== Task ==
The reply to the records below should contain exactly the lines from the line with "the entries of" through the line with "[ffun p => f (lift ord0 p)].", and nothing besides.

== Listed records ==

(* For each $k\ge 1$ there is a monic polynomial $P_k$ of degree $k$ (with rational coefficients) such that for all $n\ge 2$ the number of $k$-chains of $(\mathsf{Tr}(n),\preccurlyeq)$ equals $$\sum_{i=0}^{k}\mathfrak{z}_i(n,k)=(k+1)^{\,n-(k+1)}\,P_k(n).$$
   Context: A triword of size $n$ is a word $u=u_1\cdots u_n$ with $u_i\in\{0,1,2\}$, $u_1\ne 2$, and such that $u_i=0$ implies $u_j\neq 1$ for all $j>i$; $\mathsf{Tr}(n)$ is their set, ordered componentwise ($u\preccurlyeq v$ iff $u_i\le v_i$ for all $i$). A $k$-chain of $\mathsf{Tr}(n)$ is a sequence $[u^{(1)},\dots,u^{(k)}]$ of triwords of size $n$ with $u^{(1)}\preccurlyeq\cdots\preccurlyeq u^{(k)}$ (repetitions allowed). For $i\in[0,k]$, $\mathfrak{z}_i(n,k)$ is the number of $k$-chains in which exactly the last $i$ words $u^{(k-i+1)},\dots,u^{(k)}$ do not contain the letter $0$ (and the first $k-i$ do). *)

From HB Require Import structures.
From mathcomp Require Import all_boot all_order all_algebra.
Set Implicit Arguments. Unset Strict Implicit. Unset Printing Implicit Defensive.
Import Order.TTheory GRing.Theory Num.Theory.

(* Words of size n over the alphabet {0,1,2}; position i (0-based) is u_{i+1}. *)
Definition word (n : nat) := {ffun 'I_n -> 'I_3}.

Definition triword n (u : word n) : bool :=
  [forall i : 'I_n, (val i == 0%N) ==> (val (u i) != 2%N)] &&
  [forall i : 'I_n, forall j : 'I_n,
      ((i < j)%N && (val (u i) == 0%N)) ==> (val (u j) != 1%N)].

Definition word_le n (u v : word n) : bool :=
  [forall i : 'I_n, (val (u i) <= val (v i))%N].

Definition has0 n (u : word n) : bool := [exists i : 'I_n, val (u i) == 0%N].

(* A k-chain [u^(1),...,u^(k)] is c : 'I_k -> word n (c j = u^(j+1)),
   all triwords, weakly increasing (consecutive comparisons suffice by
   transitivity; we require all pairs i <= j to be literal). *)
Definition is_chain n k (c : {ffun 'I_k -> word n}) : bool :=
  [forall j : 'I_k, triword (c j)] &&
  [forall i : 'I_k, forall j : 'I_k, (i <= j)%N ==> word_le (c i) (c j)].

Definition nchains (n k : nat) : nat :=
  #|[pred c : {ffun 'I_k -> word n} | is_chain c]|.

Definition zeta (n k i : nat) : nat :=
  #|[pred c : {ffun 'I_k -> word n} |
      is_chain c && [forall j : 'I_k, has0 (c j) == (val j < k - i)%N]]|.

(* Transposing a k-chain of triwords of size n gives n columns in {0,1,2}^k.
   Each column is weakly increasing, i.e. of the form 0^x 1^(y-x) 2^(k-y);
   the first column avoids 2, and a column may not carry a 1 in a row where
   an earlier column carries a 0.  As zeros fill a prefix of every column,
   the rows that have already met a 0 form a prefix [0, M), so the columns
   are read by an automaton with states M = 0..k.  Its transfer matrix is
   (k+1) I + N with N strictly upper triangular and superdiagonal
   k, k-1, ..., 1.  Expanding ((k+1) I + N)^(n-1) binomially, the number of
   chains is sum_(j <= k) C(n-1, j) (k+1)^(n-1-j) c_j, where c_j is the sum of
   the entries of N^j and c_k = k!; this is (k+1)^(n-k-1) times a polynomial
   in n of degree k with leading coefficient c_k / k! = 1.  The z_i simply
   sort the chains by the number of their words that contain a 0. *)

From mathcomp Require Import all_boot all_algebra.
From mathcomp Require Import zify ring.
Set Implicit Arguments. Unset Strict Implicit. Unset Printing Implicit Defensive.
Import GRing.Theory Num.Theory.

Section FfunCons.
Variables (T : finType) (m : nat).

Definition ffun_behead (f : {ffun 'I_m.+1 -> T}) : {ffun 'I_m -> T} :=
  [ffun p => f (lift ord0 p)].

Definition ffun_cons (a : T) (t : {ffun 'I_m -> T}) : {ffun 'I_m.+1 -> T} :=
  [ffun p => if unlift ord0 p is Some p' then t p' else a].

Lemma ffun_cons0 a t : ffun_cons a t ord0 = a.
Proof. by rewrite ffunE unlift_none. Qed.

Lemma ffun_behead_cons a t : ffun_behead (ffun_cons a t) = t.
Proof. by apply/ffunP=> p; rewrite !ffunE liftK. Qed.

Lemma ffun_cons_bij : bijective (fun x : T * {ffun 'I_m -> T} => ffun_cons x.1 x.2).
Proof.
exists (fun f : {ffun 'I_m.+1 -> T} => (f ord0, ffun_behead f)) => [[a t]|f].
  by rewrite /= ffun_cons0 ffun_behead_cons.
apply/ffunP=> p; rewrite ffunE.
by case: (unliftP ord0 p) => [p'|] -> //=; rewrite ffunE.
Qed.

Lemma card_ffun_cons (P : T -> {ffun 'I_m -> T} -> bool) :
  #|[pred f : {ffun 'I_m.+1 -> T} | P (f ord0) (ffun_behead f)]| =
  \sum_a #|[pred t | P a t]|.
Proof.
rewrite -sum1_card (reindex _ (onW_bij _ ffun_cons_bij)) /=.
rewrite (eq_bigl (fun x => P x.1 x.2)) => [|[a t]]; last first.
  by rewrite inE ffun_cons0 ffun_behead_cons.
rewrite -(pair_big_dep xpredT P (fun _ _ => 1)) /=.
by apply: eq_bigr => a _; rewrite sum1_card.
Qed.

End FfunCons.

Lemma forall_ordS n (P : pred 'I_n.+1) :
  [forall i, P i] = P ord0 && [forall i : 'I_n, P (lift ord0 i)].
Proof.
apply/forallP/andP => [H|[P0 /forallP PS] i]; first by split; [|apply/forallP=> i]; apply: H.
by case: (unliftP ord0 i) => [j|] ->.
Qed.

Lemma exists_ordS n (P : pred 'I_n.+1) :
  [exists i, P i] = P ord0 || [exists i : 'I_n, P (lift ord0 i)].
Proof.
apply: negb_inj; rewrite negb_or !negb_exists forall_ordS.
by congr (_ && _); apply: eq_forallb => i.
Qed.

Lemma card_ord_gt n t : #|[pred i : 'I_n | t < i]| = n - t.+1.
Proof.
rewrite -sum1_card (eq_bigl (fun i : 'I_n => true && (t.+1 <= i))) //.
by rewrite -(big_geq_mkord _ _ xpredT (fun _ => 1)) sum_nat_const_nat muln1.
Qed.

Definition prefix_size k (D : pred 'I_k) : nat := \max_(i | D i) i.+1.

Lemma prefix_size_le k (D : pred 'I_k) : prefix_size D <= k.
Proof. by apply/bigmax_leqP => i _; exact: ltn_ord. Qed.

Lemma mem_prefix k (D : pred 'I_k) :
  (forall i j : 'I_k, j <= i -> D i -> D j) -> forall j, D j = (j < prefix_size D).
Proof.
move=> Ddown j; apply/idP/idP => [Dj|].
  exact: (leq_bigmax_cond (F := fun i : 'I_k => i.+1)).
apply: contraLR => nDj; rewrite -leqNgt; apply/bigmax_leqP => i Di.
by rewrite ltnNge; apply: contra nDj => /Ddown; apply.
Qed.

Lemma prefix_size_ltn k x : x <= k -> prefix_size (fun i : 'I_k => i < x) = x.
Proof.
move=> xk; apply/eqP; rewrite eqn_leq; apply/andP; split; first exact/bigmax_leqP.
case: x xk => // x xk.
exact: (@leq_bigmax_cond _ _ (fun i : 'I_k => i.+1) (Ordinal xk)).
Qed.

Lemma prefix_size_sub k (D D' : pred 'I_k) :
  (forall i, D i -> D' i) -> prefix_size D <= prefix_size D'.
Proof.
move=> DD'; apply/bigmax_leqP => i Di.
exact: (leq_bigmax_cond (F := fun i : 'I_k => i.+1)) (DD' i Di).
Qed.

== Exercise response ==
   the entries of N^j and c_k = k!; this is (k+1)^(n-k-1) times a polynomial
   in n of degree k with leading coefficient c_k / k! = 1.  The z_i simply
   sort the chains by the number of their words that contain a 0. *)

From mathcomp Require Import all_boot all_algebra.
From mathcomp Require Import zify ring.
Set Implicit Arguments. Unset Strict Implicit. Unset Printing Implicit Defensive.
Import GRing.Theory Num.Theory.

Section FfunCons.
Variables (T : finType) (m : nat).

Definition ffun_behead (f : {ffun 'I_m.+1 -> T}) : {ffun 'I_m -> T} :=
  [ffun p => f (lift ord0 p)].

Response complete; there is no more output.